6 C
Amsterdam

Een leerling die nergens om heeft gevraagd

Trudy Coenen
Trudy Coenen
Docent Nederlands op het Montessori College Oost, een 'zwarte' vmbo-school in Amsterdam. Leraar van het Jaar 2010. Auteur van het boek 'Spijbelen doe je maar thuis: verhalen van een docent op het vmbo' (2013).

Lees meer

Aan sommige leerlingen heb ik geen kind. De stille, rustige leerling eist niets, maakt altijd huiswerk, steekt de vinger op om iets te zeggen, valt niet op, doet wat gevraagd wordt, vraagt geen aandacht, zorgt niet voor problemen en doet het allemaal helemaal zelf.
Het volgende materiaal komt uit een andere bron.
Lemma is_derive_circle_mean r : Rabs r < 1 ->
  is_derive circle_mean r (RInt (radial_derivative r) 0 (2 * PI)).
Proof.
  intros Hr.
  set (d := mkposreal ((1 - Rabs r) / 2) ltac:(simpl; lra)).
  assert (Hnear : forall s, Rabs (s - r) < d -> Rabs s < 1).
  { intros s Hs. pose proof (Rabs_triang (s - r) r). simpl in Hs.
    replace (s - r + r) with s in * by ring. lra. }
  replace (RInt (radial_derivative r) 0 (2 * PI))
    with (RInt (fun t => Derive (fun s => A_polar s t) r) 0 (2 * PI)).
  2:{ apply RInt_ext. intros t _. apply is_derive_unique, is_derive_A_polar_r, Hr. }
  apply (is_derive_RInt_param A_polar).
  - exists d. intros s Hs t _. eexists. apply is_derive_A_polar_r, Hnear, Hs.
  - intros t _. apply continuity_2d_pt_ext_loc with radial_derivative;
      [|apply continuity_2d_radial_derivative, Hr].
    exists d. intros u v Hu _. symmetry.
    apply is_derive_unique, is_derive_A_polar_r, Hnear, Hu.
  - exists d. intros s Hs.
    apply (ex_RInt_continuous (V := R_CompleteNormedModule)). intros t _.
    apply continuous_A_polar, Rlt_le, Hnear, Hs.
Qed.

Lemma continuous_radial_derivative r t : Rabs r < 1 ->
  continuous (radial_derivative r) t.
Proof.
  intros Hr. apply continuous_continuity_2d_pt_y, continuity_2d_radial_derivative, Hr.
Qed.

Lemma RInt_radial_derivative r : 0 < r < 1 -> RInt (radial_derivative r) 0 (2 * PI) = 0.
Proof.
  intros Hr. assert (Hr' : Rabs r < 1) by (rewrite Rabs_pos_eq; lra).
  set (B_polar := fun s => B (r * cos s) (r * sin s)).
  transitivity (RInt (fun s => scal (/ r) (Derive B_polar s)) 0 (2 * PI)).
  { apply RInt_ext. intros t _.
    rewrite (is_derive_unique B_polar t _ (is_derive_B_polar_t r t Hr')).
    unfold scal; simpl; unfold mult; simpl. field. lra. }
  assert (HB' : forall t, continuous (Derive B_polar) t).
  { intros t. apply continuous_ext with (fun s => r * radial_derivative r s).
    - intros s. symmetry. apply is_derive_unique, is_derive_B_polar_t, Hr'.
    - apply (continuous_scal_r (K := R_AbsRing) (V := R_NormedModule) r).
      apply continuous_radial_derivative, Hr'. }
  rewrite (RInt_scal (V := R_CompleteNormedModule)).
  2:{ apply (ex_RInt_continuous (V := R_CompleteNormedModule)); auto. }
  rewrite RInt_Derive; auto.
  - unfold B_polar. rewrite cos_2PI, sin_2PI, cos_0, sin_0.
    unfold scal; simpl; unfold mult; simpl. ring.
  - intros t _. eexists. apply is_derive_B_polar_t, Hr'.
Qed.

Lemma circle_mean_inside r : 0 < r < 1 -> circle_mean r = 0.
Proof.
  intros Hr.
  assert (Hmean0 : circle_mean 0 = 0).
  { unfold circle_mean, A_polar.
    rewrite (RInt_ext _ (fun _ => 0)), RInt_const.
    - unfold scal; simpl; unfold mult; simpl. ring.
    - intros t _. rewrite !Rmult_0_l. exact A_0. }
  destruct (MVT_gen circle_mean 0 r (fun _ => 0)) as [c [_ Hc]].
  - intros s Hs. rewrite Rmin_left, Rmax_right in Hs by lra.
    rewrite <- (RInt_radial_derivative s) by lra.
    apply is_derive_circle_mean. rewrite Rabs_pos_eq; lra.
  - intros s Hs. rewrite Rmin_left, Rmax_right in Hs by lra.
    apply continuity_pt_filterlim.
    apply (ex_derive_continuous (K := R_AbsRing) (V := R_NormedModule)).
    eexists. apply is_derive_circle_mean. apply Rabs_def1; lra.
  - lra.
Qed.

Lemma circle_mean_close_to_boundary (eps : posreal) :
  exists r, 0 < r < 1 /\ Rabs (circle_mean 1 - circle_mean r) <= 2 * PI * eps.
Proof.
  destruct (uniform_continuity_2d A_polar 0 1 0 (2 * PI)) with (eps := eps) as [d Hd].
  { intros r t Hr _. apply (continuity_2d_pt_comp A);
      [|apply continuity_2d_pt_polar_cos | apply continuity_2d_pt_polar_sin].
    apply A_cont. rewrite polar_sq. nra. }
  set (r := Rmax (1 / 2) (1 - d / 2)).
  pose proof (cond_pos d).
  assert (Hr : 1 / 2 <= r /\ 1 - d / 2 <= r /\ r < 1).
  { split; [apply Rmax_l|split; [apply Rmax_r|apply Rmax_lub_lt; lra]]. }
  exists r. split; [lra|].
  assert (Hr1 : Rabs r <= 1) by (rewrite Rabs_pos_eq; lra).
  assert (H11 : Rabs 1 <= 1) by (rewrite Rabs_R1; lra).
  unfold circle_mean.
  rewrite <- (RInt_minus (V := R_CompleteNormedModule));
    try (apply (ex_RInt_continuous (V := R_CompleteNormedModule));
         intros t _; apply continuous_A_polar; assumption).
  replace (2 * PI * eps) with ((2 * PI - 0) * eps) by ring.
  apply abs_RInt_le_const; [pose proof PI_RGT_0; lra| |].
  - apply (ex_RInt_continuous (V := R_CompleteNormedModule)); intros t _.
    apply (continuous_minus (V := R_NormedModule)); apply continuous_A_polar; assumption.
  - intros t Ht. apply Rlt_le. rewrite Rabs_minus_sym.
    apply Hd; try lra.
    + rewrite Rabs_left1; lra.
    + rewrite Rminus_diag, Rabs_R0. apply cond_pos.
Qed.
Toch dacht ik: er is iets met die stille leerling. Ik vond haar wel érg stil. Ook een beetje nerveus. Toch eens vragen, dacht ik. Ik wist niet veel van de bewuste leerling, want de status, gezinssituatie en noem verder maar op staat niet op het voorhoofd geschreven, maar na enig doorvragen begreep ik dat de rust bedrieglijk was. Ze woont al drie jaar in Nederland, maar of ze mag blijven is onzeker, want ze is hier niet geboren. Haar vader en moeder wonen daar nog, maar niet meer bij elkaar. Vader kan vanwege allerlei problemen niet voor het gezin zorgen en moeder heeft ondertussen een ander gezin.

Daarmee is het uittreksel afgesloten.